◆ Activity:
Each line of the records containing "epsZ" is to be copied out and returned.

◆ Material for this exercise:
Lemma zero_mod_c_outer o : outer parent o -> zero_mod p (c (Ov o)) =
  ((Pi_pos parent eps o)%:Z - (Pi_neg parent eps o)%:Z == 1 %[mod p%:Z])%Z.
Proof.
move=> /eqP Ho; have eps_unit : (`|epsZ eps o| = 1)%N by rewrite /epsZ; case: (eps o).
rewrite (c_outer _ parent_rank Ho) zero_mod_int dvdz_mull_ndvd ?(odd_prime_ndvd_pow2 2) //.
rewrite eqz_mod_dvd (Pi_outer _ Ho).
have -> : - epsZ eps o * desc_eps parent eps o - 1 =
          - epsZ eps o * (epsZ eps o + desc_eps parent eps o).
  by rewrite /epsZ; case: (eps o); lia.
by rewrite dvdz_mull_ndvd // abszN eps_unit (odd_prime_ndvd_pow2 0).
Qed.

Lemma inZ_cases v : inZ v -> v \in [:: u1; u2; u3; R1] \/ exists i, v = Reg (Some i).
Proof.
case: v => [[i|]|o|a] Hv; first by right; exists i.
- by left; rewrite !inE eqxx !orbT.
- by rewrite (negbTE (Ov_notin_Z o)) in Hv.
- by left; case: (U_cases n a) => ->; rewrite !inE eqxx ?orbT.
Qed.

Lemma Zedge_cases v w : Zedge parent eps p v w ->
  [set v; w] \in [:: [set u1; u2]; [set u1; u3]; [set u1; R1]].
Proof.
move=> /and3P[/inZ_cases Hv /inZ_cases Hw].
case: Hv => [Hv|[i ->]]; case: Hw => [Hw|[j ->]] //.
- rewrite !inE in Hv Hw; case/or4P: Hv => /eqP->; case/or4P: Hw => /eqP-> //= _;
  by rewrite ?(setUC [set _] [set u1]) !inE eqxx ?orbT.
- by rewrite !inE in Hv; case/or4P: Hv => /eqP->.
- by rewrite !inE in Hw; case/or4P: Hw => /eqP->.
Qed.

End ZeroSet.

◆ Your response:
move=> /eqP Ho; have eps_unit : (`|epsZ eps o| = 1)%N by rewrite /epsZ; case: (eps o).
have -> : - epsZ eps o * desc_eps parent eps o - 1 =
          - epsZ eps o * (epsZ eps o + desc_eps parent eps o).
  by rewrite /epsZ; case: (eps o); lia.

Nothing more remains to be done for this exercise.